Beginning with her Fulbright Fellowship in Nepal in 2000, Dr. Shneiderman has been awarded several prestigious fellowships and grants, including the National Science Foundation Graduate Research Fellowship in Anthropology from 2001-2006, the Sage Fellowship at Cornell University from 2007-2008, and culminating in her partnership in the British Academy in the UK-South Asia Sharing Partnership Award for her project Inequality and Affirmative Action in South Asia: Current Experiences and Future Agendas in India and Nepal from 2009-2011. In addition, Dr. Shneiderman has presented her papers internationally at conferences in Kathmandu, Nepal; Washington DC; Heidelberg, Germany, and over 30 other locations in the US, Europe, and Asia. She is a founding fellow of the Digital Himalaya Project at Cambridge University and is currently working on a monograph about the cultural politics involved in cross-border Thangmi identity. Before coming to Cambridge, she was a Teaching Fellow at the Cornell-Nepal Study Program, Adjunct Faculty at the School for International Training College Semester Abroad in Kathmandu. Presently she lectures for the POLIS paper at Cambridge on the History and Politics of South Asia, oversees Social Anthropology papers on Colonialism and Empire, and supervises postdoctoral and postgraduate students with interests in the anthropology of politics, borders, conflict, transnationalism, and Himalayan area studies, as well as other subjects.

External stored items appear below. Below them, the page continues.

Lemma fsum_scal n c f : fsum n (fun i => c * f i) = c * fsum n f.
Proof. induction n as [|n IH]; simpl; [ring|]. rewrite IH; ring. Qed.

Lemma fsum_const n c : fsum n (fun _ => c) = INR n * c.
Proof. induction n as [|n IH]; simpl fsum; [simpl; ring|]. rewrite IH, S_INR; ring. Qed.

Lemma fsum_mul n m f g :
  fsum n f * fsum m g = fsum n (fun j => fsum m (fun k => f j * g k)).
Proof.
  induction n as [|n IH]; simpl; [ring|].
  rewrite <- IH, Rmult_plus_distr_r, <- (fsum_scal m (f n)). reflexivity.
Qed.

Lemma fsum_swap n m h :
  fsum n (fun j => fsum m (fun k => h j k)) = fsum m (fun k => fsum n (fun j => h j k)).
Proof.
  induction n as [|n IH]; simpl.
  - rewrite fsum_const; ring.
  - rewrite IH, <- fsum_plus. reflexivity.
Qed.

Lemma fsum_nonneg n f : (forall i, (i < n)%nat -> 0 <= f i) -> 0 <= fsum n f.
Proof.
  induction n as [|n IH]; intros H; simpl; [lra|].
  assert (0 <= f n) by (apply H; lia).
  assert (0 <= fsum n f) by (apply IH; intros; apply H; lia). lra.
Qed.

Definition kron (j k : nat) : R := if Nat.eq_dec j k then 1 else 0.

Lemma fsum_kron n j g :
  fsum n (fun k => g k * kron j k) = if lt_dec j n then g j else 0.
Proof.
  unfold kron. induction n as [|n IH]; simpl.
  - destruct (lt_dec j 0); [lia|reflexivity].
  - rewrite IH. destruct (Nat.eq_dec j n) as [->|Hn].
    + destruct (lt_dec n n); [lia|]. destruct (lt_dec n (S n)); [ring|lia].
    + destruct (lt_dec j n), (lt_dec j (S n)); try lia; ring.
Qed.

(* Cauchy-Schwarz, from 2 (n sum f^2 - (sum f)^2) = sum_(i,j) (f i - f j)^2. *)
Lemma fsum_sq_le n f : (fsum n f) ^ 2 <= INR n * fsum n (fun i => f i ^ 2).
Proof.
  assert (Hcross : (fsum n f) ^ 2 = fsum n (fun i => fsum n (fun j => f i * f j))).
  { rewrite <- fsum_mul. ring. }
  assert (Hrow : INR n * fsum n (fun i => f i ^ 2) = fsum n (fun i => fsum n (fun j => f i ^ 2))).
  { rewrite <- fsum_scal. apply fsum_ext; intros. rewrite fsum_const; ring. }
  assert (Hcol : INR n * fsum n (fun i => f i ^ 2) = fsum n (fun i => fsum n (fun j => f j ^ 2))).
  { rewrite fsum_const. reflexivity. }
  assert (Hsquares : 2 * (INR n * fsum n (fun i => f i ^ 2) - fsum n f ^ 2)
                     = fsum n (fun i => fsum n (fun j => (f i - f j) ^ 2))).
  { replace (2 * (INR n * fsum n (fun i => f i ^ 2) - fsum n f ^ 2)) with
      (INR n * fsum n (fun i => f i ^ 2) + INR n * fsum n (fun i => f i ^ 2)
       - 2 * fsum n f ^ 2) by ring.
    rewrite Hrow at 1. rewrite Hcol, Hcross, <- fsum_plus, <- fsum_scal, <- fsum_minus.
    apply fsum_ext; intros i _.
    rewrite <- fsum_plus, <- fsum_scal, <- fsum_minus. apply fsum_ext; intros; ring. }
  assert (0 <= fsum n (fun i => fsum n (fun j => (f i - f j) ^ 2))).
  { apply fsum_nonneg; intros; apply fsum_nonneg; intros; apply pow2_ge_0. }
  lra.
Qed.

(** * The trigonometric polynomial f and its pointwise bounds *)

Definition freq (j k : nat) : R := INR j - INR k.
Definition cos_coef (u v : nat -> R) j k := u j * u k + v j * v k.
Definition sin_coef (u v : nat -> R) j k := u j * v k - v j * u k.
Definition trig_term u v j k t :=
  cos_coef u v j k * cos (freq j k * t) + sin_coef u v j k * sin (freq j k * t).
Definition trig_sq (Rd : nat) u v t :=
  fsum Rd (fun j => fsum Rd (fun k => trig_term u v j k t)).

(* Real and imaginary parts of (u_j + i v_j) e^(i j t). *)
Definition re_part (u v : nat -> R) t j := u j * cos (INR j * t) - v j * sin (INR j * t).
Definition im_part (u v : nat -> R) t j := u j * sin (INR j * t) + v j * cos (INR j * t).

Definition sqnorm2 (Rd : nat) (u v : nat -> R) := fsum Rd (fun j => u j ^ 2 + v j ^ 2).
Definition bilinT (Rd : nat) (u v : nat -> R) := fsum Rd (fun j => u j * applyT Rd v j).

Lemma trig_sq_modulus Rd u v t :
  trig_sq Rd u v t = (fsum Rd (re_part u v t)) ^ 2 + (fsum Rd (im_part u v t)) ^ 2.
Proof.
  rewrite <- !Rsqr_pow2. unfold Rsqr. rewrite !fsum_mul, <- fsum_plus.
  apply fsum_ext; intros j _. rewrite <- fsum_plus. apply fsum_ext; intros k _.
  unfold trig_term, re_part, im_part, cos_coef, sin_coef, freq.
  replace ((INR j - INR k) * t) with (INR j * t - INR k * t) by ring.
  rewrite cos_minus, sin_minus. ring.
Qed.

Lemma trig_sq_bounds Rd u v t :
  0 <= trig_sq Rd u v t <= INR Rd * sqnorm2 Rd u v.
Proof.
  rewrite trig_sq_modulus. split; [nra|].
  assert (Hsplit : sqnorm2 Rd u v = fsum Rd (fun j => re_part u v t j ^ 2)
                                    + fsum Rd (fun j => im_part u v t j ^ 2)).
  { rewrite <- fsum_plus. apply fsum_ext; intros j _. unfold re_part, im_part.
    pose proof (sin2_cos2 (INR j * t)). unfold Rsqr in *. nra. }
  rewrite Hsplit.
  pose proof (fsum_sq_le Rd (re_part u v t)). pose proof (fsum_sq_le Rd (im_part u v t)).
  lra.
Qed.

(** * Primitives of f and of t f(t) *)

Lemma freq_neq0 j k : j <> k -> freq j k <> 0.
Proof. intros H E. apply H, INR_eq. unfold freq in E. lra. Qed.

Lemma freq_diag j : freq j j = 0.
Proof. unfold freq; ring. Qed.

Definition prim0 u v j k t :=
  if Nat.eq_dec j k then cos_coef u v j k * t
  else (cos_coef u v j k * sin (freq j k * t) - sin_coef u v j k * cos (freq j k * t))
       / freq j k.

Definition prim1 u v j k t :=
  if Nat.eq_dec j k then cos_coef u v j k * (t ^ 2 / 2)
  else cos_coef u v j k * (t * sin (freq j k * t) / freq j k + cos (freq j k * t) / freq j k ^ 2)
     + sin_coef u v j k * (- t * cos (freq j k * t) / freq j k + sin (freq j k * t) / freq j k ^ 2).

Lemma prim0_derive u v j k t : is_derive (prim0 u v j k) t (trig_term u v j k t).
Proof.
  unfold prim0, trig_term. destruct (Nat.eq_dec j k) as [<-|Hjk].
  - rewrite freq_diag, Rmult_0_l, cos_0, sin_0. auto_derive; auto; ring.
  - pose proof (freq_neq0 j k Hjk). auto_derive; auto. field; auto.
Qed.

In this talk, Dr. Shneiderman will examine the historical and contemporary policies and practices of affirmative action in India, and consider their implications for a federal Nepal as it drafts a new constitution. With ethnographic case studies of communities discussing these social strata, she will analyze how Other Backwards Class (OBC), Scheduled Tribe (ST) and Scheduled Caste (SC) social status in India, along with janajati and dalit status in Nepal, can generate identities. In conclusion, she will investigate the role of social science in this process through the actions of the state, activist organizations, and international agencies. Dr. Shneiderman is currently involved in the British Academy UK-South Asia Partnership Scheme, ‘Inequality and Affirmative Action in South Asia: Current Experiences and Future Agendas in India and Nepal’. She will be joining the Yale faculty as Assistant Professor of South Asian Anthropology in 2011.